En outre, l’astrolabe comporte l’un des « retes » (un disque percé représentant une carte du ciel) les plus anciens d’Espagne. Il présente en effet des similitudes avec le rete de l’unique astrolabe byzantin répertorié, fabriqué en 1062 après notre ère, ainsi qu’avec ceux des premiers astrolabes européens (inspirés des modèles islamiques). En analysant la disposition des étoiles gravées, la chercheuse a calculé qu’elles reflétaient la position qu’elles avaient dans le ciel à la fin du 11e siècle — ce qui confirme son ancienneté.

rete astrolabe
Le rete de l’astrolabe de Vérone. © Federica Gigante

De modifications multilingues par plusieurs utilisateurs

L’experte a remarqué que l’astrolabe de Vérone a subi de nombreuses modifications, ajouts et adaptations, à mesure qu’il changeait de mains. Au moins trois utilisateurs auraient ressenti le besoin d’ajouter des traductions et des corrections, dont deux en hébreu et un en une langue occidentale.

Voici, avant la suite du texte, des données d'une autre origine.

Lemma overflow_rule_step e0 y P : valid (e0, (y, y) :: P) ->
  shift_rule (e0, P) -> overflow_rule (e0, P) -> overflow_rule (e0, (y, y) :: P).
Proof.
move=> hv C1 C2 i m w hi hm him; rewrite !nf_unfold //.
move: (hv); rewrite valid_cons => /and4P [hy _ _ _].
have hP := valid_tail hv.
case: (ltngtP (y + i) n) => hyi.
- rewrite (C1 y i) ?deltaD; try lia.
  rewrite (C2 (y + i) m) ?(C1 y (i + m - n)) ?deltaD; try lia; same_exponents.
- rewrite (C2 y i); try lia.
  set a := y + i - n.
  have -> : delta y.+1 ++ delta i ++ m :: w = delta a ++ delta n.+1 ++ m :: w.
    by rewrite !deltaD; congr (nseq _ _ ++ _); lia.
  rewrite nf_delta_central_after; try lia.
  case: (leqP (a + m) n) => ham.
    rewrite (C1 a m) ?(C1 y (i + m - n)) ?deltaD; try lia; same_exponents.
  rewrite (C2 a m) ?(C2 y (i + m - n)) ?deltaD; try lia; same_exponents.
- rewrite (C1 y i) ?deltaD; try lia.
  rewrite hyi delta_cons nf_delta_central ?(C1 y (i + m - n)) ?deltaD; try lia.
  same_exponents.
Qed.

Lemma rules_valid e0 L : valid (e0, L) -> shift_rule (e0, L) /\ overflow_rule (e0, L).
Proof.
elim: L => [|[y e] P IH] hv; first exact: rules_detached.
case: (boolP (e != y)) => hey; first exact: rules_detached.
move/negbNE/eqP: hey => hey; subst e.
have [C1 C2] := IH (valid_tail hv).
by split; [apply: shift_rule_step | apply: overflow_rule_step].
Qed.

Il comporte des lignes de prières musulmanes, disposées de sorte que les utilisateurs puissent respecter les heures de pratique de la prière. Une signature en lettres arabes y a également été gravée quelque temps après sa fabrication, probablement pour un utilisateur ultérieur. La marque se lit comme suit : « pour Isḥāq (ou Isaac en anglais)… l’œuvre de Yūnus (Jonas en anglais) », des noms juifs suggérant que l’objet a circulé au sein d’une communauté juive séfarade d’Espagne, où l’arabe était la langue la plus répandue.

inscription astrolabe
Partie de l’astrolabe montrant des chiffres occidentaux (36 et 65) entre les inscriptions en arabe et en hébreu. © Federica Gigante

D’autre part, des traductions en hébreu ont été ajoutées par plusieurs utilisateurs. Un ensemble a été gravé profondément et proprement, tandis qu’un autre ensemble est très flou et irrégulier (probablement effectué par des mains inexpérimentées). Ces ajouts suggèrent que l’objet a peut-être quitté l’Espagne ou l’Afrique du Nord pour circuler au sein de la diaspora juive en Italie, où l’hébreu était la langue la plus utilisée.

De manière étonnante, l’une des traductions en hébreu gravées au-dessus de la marque de latitude en arabe indiquant 35°, signifie « 34 et demi » (au lieu de « 34 ½ »). Cela suggère que le graveur n’était ni un astronome ni un artisan spécialisé en astrolabes. Les autres inscriptions hébraïques étaient des traductions des noms arabes pour les signes astrologiques du scorpion, du sagittaire, du capricorne, du verseau, des poissons et du bélier.

Des tentatives de correction erronées

Par ailleurs, l’instrument comportait de nombreuses corrections à la fois en hébreu et en chiffres occidentaux. Ces derniers visaient à rectifier des valeurs de latitude (parfois plusieurs fois), probablement par un utilisateur de Vérone parlant le latin ou l’italien, selon Gigante. Par exemple, quelqu’un a ajouté les chiffres 42 et 40 près de l’inscription 41° 30’, correspondant à la latitude de Medinaceli.

« Non seulement les deux chiffres diffèrent de la valeur donnée en arabe, mais ils ne concordent pas entre eux. Il se peut qu’un utilisateur ultérieur de l’instrument ait pensé que la valeur arabe originale était erronée et l’ait modifiée », explique l’historienne. Cependant, les instruments modernes indiquent une latitude de  41° 15′ pour Medinaceli, ce qui signifie que la valeur arabe était plus précise que les deux tentatives de correction. D’autres corrections contradictoires et erronées sont également gravées sur l’instrument. Néanmoins, cette découverte témoigne d’un incroyable échange interculturel rarement observé pour ce type d’artefact.